_Exercise directions_
Below are lines of data, and only some are wanted. Please repeat exactly those from the line that has "Lemma coinfinite_enum (X" through the line that has "- by case=> [|k]; apply: (proj2 (nextP _)).".

[Items listed in a dataset]
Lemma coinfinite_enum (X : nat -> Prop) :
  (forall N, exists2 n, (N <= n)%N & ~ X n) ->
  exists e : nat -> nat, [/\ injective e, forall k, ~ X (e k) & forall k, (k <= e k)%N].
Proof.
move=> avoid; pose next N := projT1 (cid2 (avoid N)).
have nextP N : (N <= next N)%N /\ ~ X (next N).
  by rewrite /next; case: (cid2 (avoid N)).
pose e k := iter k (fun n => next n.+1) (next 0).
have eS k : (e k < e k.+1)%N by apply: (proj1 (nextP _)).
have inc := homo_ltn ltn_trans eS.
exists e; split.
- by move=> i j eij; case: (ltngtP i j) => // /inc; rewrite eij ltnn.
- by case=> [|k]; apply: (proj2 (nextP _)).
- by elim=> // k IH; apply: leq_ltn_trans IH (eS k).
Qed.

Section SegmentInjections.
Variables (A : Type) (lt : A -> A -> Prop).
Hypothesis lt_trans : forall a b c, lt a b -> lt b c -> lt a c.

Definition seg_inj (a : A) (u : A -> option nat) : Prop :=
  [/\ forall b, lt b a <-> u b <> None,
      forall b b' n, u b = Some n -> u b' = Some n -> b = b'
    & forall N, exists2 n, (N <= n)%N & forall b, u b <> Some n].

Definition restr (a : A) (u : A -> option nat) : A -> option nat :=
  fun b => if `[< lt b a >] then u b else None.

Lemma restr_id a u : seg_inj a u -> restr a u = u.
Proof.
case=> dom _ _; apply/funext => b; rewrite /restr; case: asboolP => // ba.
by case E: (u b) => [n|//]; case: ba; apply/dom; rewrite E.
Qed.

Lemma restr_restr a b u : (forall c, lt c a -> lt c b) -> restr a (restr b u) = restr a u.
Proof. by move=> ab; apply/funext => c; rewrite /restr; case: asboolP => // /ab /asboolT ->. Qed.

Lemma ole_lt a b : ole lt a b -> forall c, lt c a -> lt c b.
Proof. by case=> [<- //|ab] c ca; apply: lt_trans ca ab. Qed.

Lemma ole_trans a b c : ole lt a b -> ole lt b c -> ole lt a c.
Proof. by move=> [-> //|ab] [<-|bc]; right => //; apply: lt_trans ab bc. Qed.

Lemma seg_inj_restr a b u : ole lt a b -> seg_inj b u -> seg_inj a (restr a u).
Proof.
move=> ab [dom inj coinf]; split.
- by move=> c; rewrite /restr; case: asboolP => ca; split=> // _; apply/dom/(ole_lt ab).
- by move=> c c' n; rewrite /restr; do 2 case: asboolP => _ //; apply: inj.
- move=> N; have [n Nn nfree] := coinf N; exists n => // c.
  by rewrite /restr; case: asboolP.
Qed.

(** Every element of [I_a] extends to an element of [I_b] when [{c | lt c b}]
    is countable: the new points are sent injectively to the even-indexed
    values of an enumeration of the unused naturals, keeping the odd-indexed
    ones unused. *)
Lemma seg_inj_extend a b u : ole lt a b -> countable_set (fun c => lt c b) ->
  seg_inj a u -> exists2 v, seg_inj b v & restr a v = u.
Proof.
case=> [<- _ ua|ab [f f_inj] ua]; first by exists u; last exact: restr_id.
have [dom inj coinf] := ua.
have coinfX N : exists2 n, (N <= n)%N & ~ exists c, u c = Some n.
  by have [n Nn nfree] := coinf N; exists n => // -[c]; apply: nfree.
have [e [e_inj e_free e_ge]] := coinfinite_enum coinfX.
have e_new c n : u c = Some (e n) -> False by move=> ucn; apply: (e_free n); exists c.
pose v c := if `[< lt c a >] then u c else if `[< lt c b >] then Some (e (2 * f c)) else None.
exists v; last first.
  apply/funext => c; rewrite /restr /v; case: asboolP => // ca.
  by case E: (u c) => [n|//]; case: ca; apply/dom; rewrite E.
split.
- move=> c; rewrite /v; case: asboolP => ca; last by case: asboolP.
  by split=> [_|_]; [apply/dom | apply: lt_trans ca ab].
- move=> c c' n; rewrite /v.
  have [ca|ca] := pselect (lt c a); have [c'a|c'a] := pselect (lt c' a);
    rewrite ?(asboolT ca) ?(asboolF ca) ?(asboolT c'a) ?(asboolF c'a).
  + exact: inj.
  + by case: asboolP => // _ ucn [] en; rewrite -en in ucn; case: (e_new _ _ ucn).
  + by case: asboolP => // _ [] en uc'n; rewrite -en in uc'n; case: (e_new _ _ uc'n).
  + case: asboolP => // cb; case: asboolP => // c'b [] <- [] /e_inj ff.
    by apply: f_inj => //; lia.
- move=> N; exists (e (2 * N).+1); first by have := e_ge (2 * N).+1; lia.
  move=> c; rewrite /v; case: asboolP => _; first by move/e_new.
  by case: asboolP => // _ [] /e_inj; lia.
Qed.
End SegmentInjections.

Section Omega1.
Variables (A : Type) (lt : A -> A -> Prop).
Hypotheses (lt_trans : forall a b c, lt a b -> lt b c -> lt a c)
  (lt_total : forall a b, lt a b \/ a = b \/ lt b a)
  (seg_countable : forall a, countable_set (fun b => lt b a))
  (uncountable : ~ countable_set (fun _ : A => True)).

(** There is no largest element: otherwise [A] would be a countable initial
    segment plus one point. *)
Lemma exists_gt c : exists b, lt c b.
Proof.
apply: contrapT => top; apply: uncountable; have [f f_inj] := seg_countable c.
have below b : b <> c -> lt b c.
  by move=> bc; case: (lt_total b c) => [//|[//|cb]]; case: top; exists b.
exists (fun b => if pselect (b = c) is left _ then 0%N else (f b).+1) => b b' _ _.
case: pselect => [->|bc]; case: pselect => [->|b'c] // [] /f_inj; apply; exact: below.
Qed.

...

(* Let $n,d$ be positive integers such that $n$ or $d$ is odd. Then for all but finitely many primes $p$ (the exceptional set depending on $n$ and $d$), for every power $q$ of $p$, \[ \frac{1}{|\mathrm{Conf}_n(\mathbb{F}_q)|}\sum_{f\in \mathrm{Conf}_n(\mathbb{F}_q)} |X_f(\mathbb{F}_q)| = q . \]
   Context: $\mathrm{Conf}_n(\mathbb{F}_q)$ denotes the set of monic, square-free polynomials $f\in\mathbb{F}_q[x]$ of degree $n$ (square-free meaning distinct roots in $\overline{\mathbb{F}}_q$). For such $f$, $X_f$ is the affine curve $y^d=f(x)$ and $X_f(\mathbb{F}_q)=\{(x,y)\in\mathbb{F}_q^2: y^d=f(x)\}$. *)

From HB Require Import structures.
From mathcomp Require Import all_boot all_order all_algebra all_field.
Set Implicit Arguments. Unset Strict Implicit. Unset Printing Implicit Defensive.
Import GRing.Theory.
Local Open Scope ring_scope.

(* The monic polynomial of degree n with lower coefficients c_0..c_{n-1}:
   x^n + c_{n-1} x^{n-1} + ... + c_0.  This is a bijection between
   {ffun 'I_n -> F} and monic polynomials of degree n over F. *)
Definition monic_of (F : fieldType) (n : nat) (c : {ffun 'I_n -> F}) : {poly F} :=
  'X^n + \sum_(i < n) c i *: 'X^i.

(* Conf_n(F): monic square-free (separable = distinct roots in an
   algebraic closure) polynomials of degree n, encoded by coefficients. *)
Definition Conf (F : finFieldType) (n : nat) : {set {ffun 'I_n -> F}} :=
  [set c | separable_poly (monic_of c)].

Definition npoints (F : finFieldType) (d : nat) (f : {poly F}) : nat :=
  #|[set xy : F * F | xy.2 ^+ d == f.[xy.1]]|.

--

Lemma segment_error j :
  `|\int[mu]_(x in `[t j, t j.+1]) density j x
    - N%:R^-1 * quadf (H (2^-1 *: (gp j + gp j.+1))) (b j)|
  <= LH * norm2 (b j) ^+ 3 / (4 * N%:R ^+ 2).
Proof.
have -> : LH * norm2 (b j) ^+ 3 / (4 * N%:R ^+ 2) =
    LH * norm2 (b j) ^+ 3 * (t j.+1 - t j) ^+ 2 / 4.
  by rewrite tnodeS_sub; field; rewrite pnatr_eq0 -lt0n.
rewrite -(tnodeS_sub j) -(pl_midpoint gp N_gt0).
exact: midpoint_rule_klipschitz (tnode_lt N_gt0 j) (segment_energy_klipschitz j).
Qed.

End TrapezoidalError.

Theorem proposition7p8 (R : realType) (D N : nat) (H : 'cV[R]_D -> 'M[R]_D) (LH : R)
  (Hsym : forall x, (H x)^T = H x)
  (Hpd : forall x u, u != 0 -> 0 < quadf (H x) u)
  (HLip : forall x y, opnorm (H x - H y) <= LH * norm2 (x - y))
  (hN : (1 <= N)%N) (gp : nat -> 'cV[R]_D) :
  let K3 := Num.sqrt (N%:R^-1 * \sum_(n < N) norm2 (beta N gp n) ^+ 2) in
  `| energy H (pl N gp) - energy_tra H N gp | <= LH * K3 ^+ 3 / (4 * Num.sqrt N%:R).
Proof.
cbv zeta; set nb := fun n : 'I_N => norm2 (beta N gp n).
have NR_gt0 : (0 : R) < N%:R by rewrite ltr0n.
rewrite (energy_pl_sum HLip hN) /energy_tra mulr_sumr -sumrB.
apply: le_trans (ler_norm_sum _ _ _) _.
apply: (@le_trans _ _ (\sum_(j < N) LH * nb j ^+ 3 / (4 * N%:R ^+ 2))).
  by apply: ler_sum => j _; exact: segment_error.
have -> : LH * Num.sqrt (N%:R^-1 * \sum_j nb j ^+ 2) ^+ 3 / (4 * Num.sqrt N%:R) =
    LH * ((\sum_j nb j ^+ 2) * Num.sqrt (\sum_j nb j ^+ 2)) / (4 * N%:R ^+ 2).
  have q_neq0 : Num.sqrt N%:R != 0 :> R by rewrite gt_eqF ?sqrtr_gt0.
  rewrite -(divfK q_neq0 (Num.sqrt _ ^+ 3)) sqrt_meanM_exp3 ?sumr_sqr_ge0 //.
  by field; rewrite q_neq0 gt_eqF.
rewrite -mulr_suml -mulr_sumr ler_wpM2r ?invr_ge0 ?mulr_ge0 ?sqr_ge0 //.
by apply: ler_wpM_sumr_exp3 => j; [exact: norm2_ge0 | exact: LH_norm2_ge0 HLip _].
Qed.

_Task output_
Lemma coinfinite_enum (X : nat -> Prop) :
  (forall N, exists2 n, (N <= n)%N & ~ X n) ->
  exists e : nat -> nat, [/\ injective e, forall k, ~ X (e k) & forall k, (k <= e k)%N].
Proof.
move=> avoid; pose next N := projT1 (cid2 (avoid N)).
have nextP N : (N <= next N)%N /\ ~ X (next N).
  by rewrite /next; case: (cid2 (avoid N)).
pose e k := iter k (fun n => next n.+1) (next 0).
have eS k : (e k < e k.+1)%N by apply: (proj1 (nextP _)).
have inc := homo_ltn ltn_trans eS.
exists e; split.
- by move=> i j eij; case: (ltngtP i j) => // /inc; rewrite eij ltnn.
- by case=> [|k]; apply: (proj2 (nextP _)).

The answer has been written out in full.